Lemma consistentE f b :
  consistent f b <-> everywhere [:: constraint K f b] /\ on_kids consistent f b.
Proof. exact: (@consE _ _ everywhere (fun _ _ => isT) everywhere_cat). Qed.

Lemma consistent_agrees f b : consistent f b -> agrees f b.
Proof.
move: f b; apply: cform_kids_ind => f b IH /consistentE[head kids].
exact/(constraint_agrees (on_kids_impl IH kids)).
Qed.

Definition labelled_by (s : nat -> seq bool) b := forall j, (0 < j <= N)%N ->
  forall i, (i < size (s j))%N -> sat w' j (prop S K (b + i)) = nth false (s j) i.

Lemma labelled_by_catl s t b : labelled_by (fun j => s j ++ t j) b -> labelled_by s b.
Proof.
by move=> lab j j_in i i_lt; rewrite lab ?nth_cat ?i_lt // size_cat ltn_addr.
Qed.

Lemma labelled_by_catr s t n b : (forall j, size (s j) = n) ->
  labelled_by (fun j => s j ++ t j) b -> labelled_by t (b + n).
Proof.
move=> size_s lab j j_in i i_lt.
by rewrite -addnA lab ?size_cat ?size_s ?ltn_add2l // nth_cat size_s ltnNge leq_addr addKn.
Qed.

Definition labelled f b := labelled_by (fun j => labs w j f) b.

Lemma labelled_kids f b : labelled f b -> on_kids labelled f b.
Proof.
case: f => [a|g|g|g|g h|l c k] //= lab; try exact: labelled_by_catl lab.
- split; first exact: labelled_by_catl lab.
  apply: (labelled_by_catl (t := fun j => [:: _])).
  exact: labelled_by_catr (size_labs w ^~ g) lab.
- move/labelled_by_catl: lab; elim: l b => //= a t l IH b lab; split.
  + by case: t lab => //= g; apply: labelled_by_catl.
  + exact/IH/(labelled_by_catr (size_labst w ^~ t) lab).
Qed.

→ Task details: Reproduce, character for character, only the lines of the preceding data that start at the line with "Definition labelled_by (s" and end at the line with "move=> size_s lab j j_in i i_lt.", both included.

→ Result of the exercise:
Definition labelled_by (s : nat -> seq bool) b := forall j, (0 < j <= N)%N ->
  forall i, (i < size (s j))%N -> sat w' j (prop S K (b + i)) = nth false (s j) i.

Lemma labelled_by_catl s t b : labelled_by (fun j => s j ++ t j) b -> labelled_by s b.
Proof.
by move=> lab j j_in i i_lt; rewrite lab ?nth_cat ?i_lt // size_cat ltn_addr.
Qed.

Lemma labelled_by_catr s t n b : (forall j, size (s j) = n) ->
  labelled_by (fun j => s j ++ t j) b -> labelled_by t (b + n).
Proof.
move=> size_s lab j j_in i i_lt.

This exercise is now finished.